Description of the task: Repeat word for word every line of the data below, from the first through the line containing "Local Notation norm_ratio", and stop there.

(Saved entries)
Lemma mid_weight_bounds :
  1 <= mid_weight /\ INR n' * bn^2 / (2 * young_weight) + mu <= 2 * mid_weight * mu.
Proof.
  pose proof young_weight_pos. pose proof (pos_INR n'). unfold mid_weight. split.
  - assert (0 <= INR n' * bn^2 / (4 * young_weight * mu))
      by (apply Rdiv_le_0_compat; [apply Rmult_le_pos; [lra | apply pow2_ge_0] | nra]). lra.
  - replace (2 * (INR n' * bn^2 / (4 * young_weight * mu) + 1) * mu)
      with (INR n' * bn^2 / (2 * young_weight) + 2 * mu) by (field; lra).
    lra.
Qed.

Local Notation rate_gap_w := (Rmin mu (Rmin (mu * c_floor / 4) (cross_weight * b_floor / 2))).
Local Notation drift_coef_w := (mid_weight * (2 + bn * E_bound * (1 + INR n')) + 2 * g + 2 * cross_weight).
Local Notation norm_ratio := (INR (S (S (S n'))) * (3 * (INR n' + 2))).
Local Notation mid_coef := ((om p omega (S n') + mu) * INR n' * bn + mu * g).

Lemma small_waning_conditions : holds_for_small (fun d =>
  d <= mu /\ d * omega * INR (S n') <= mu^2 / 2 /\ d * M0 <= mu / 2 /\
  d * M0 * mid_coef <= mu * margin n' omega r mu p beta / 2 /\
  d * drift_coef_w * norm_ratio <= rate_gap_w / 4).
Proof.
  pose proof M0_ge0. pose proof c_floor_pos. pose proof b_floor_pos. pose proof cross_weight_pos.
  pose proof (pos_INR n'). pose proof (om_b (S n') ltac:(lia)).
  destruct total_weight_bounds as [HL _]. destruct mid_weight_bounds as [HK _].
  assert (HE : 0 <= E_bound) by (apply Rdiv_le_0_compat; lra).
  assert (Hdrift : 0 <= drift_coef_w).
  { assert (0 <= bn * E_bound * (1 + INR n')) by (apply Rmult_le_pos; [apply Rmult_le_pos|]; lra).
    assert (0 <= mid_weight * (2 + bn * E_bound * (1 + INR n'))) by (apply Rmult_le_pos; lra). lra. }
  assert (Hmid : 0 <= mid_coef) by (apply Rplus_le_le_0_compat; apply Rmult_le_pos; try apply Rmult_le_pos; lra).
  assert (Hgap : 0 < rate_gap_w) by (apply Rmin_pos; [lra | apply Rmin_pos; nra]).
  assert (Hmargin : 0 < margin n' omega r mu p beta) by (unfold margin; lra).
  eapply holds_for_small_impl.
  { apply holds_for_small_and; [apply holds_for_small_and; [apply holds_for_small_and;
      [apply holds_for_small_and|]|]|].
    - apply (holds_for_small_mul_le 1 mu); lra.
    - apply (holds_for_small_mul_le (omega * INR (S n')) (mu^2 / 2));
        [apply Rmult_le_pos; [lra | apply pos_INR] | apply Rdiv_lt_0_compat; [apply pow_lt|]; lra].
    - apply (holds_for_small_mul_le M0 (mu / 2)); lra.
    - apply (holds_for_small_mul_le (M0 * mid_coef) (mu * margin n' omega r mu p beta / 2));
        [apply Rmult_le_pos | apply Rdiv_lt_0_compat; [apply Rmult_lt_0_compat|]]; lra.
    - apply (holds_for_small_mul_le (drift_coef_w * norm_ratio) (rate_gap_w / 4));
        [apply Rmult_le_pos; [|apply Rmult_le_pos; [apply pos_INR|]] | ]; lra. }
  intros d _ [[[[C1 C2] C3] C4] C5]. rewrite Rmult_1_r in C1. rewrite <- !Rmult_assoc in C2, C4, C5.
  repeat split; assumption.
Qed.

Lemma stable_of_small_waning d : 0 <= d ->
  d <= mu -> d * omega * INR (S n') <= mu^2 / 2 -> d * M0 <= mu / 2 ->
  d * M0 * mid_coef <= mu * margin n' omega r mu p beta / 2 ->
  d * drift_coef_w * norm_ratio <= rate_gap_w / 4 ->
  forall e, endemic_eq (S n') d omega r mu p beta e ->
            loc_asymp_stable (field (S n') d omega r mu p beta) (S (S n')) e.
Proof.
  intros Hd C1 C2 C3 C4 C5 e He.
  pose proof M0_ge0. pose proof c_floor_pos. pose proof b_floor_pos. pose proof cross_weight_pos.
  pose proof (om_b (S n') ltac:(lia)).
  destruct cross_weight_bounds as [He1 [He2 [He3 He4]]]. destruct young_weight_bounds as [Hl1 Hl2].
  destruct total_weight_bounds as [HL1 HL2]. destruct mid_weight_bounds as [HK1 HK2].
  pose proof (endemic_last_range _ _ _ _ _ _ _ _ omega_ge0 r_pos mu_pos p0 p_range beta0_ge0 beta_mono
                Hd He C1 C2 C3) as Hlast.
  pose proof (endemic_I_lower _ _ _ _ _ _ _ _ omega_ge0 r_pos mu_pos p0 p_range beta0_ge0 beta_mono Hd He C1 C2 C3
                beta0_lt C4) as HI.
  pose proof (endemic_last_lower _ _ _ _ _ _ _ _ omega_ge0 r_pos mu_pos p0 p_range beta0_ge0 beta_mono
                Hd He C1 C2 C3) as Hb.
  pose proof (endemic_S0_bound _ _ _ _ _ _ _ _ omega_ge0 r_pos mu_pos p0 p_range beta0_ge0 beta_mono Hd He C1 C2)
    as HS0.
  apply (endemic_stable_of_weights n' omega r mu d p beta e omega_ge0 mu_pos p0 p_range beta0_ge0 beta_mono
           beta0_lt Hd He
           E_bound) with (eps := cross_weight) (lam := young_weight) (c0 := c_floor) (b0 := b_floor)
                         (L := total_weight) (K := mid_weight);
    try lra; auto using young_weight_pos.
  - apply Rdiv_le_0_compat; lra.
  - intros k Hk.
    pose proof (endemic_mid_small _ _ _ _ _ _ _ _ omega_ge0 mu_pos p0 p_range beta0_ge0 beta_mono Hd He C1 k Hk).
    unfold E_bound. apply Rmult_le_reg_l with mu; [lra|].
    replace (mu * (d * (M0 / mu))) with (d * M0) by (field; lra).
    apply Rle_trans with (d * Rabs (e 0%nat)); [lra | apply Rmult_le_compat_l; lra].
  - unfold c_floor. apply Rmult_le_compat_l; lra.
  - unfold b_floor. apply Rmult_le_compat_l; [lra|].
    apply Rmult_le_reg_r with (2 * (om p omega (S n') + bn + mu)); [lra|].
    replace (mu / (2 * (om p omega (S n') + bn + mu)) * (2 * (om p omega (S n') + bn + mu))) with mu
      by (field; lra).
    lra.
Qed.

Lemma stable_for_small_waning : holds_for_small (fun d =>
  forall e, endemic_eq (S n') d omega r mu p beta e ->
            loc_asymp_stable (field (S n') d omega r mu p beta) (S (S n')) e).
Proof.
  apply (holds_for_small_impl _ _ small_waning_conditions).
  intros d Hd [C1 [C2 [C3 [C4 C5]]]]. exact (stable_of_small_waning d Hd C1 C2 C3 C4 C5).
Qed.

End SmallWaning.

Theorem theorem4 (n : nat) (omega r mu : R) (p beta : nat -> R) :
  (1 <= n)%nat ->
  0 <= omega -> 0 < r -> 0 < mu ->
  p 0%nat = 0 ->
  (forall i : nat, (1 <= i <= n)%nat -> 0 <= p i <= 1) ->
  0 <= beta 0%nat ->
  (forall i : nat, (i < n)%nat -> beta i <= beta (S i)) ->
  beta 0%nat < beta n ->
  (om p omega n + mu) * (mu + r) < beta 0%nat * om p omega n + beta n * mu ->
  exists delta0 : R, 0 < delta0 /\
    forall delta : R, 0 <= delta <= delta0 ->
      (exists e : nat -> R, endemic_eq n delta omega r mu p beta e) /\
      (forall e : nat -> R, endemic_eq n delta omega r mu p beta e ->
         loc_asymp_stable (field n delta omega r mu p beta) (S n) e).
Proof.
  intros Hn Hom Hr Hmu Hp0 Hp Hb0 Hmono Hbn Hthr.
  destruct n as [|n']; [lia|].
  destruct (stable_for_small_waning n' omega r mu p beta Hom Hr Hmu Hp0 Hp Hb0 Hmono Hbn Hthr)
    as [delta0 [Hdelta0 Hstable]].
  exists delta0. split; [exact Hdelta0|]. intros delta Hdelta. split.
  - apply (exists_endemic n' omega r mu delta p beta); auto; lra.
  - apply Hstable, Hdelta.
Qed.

Reply to the exercise:
Lemma mid_weight_bounds :
  1 <= mid_weight /\ INR n' * bn^2 / (2 * young_weight) + mu <= 2 * mid_weight * mu.
Proof.
  pose proof young_weight_pos. pose proof (pos_INR n'). unfold mid_weight. split.
  - assert (0 <= INR n' * bn^2 / (4 * young_weight * mu))
      by (apply Rdiv_le_0_compat; [apply Rmult_le_pos; [lra | apply pow2_ge_0] | nra]). lra.
  - replace (2 * (INR n' * bn^2 / (4 * young_weight * mu) + 1) * mu)
      with (INR n' * bn^2 / (2 * young_weight) + 2 * mu) by (field; lra).
    lra.
Qed.

Local Notation rate_gap_w := (Rmin mu (Rmin (mu * c_floor / 4) (cross_weight * b_floor / 2))).
Local Notation drift_coef_w := (mid_weight * (2 + bn * E_bound * (1 + INR n')) + 2 * g + 2 * cross_weight).
Local Notation norm_ratio := (INR (S (S (S n'))) * (3 * (INR n' + 2))).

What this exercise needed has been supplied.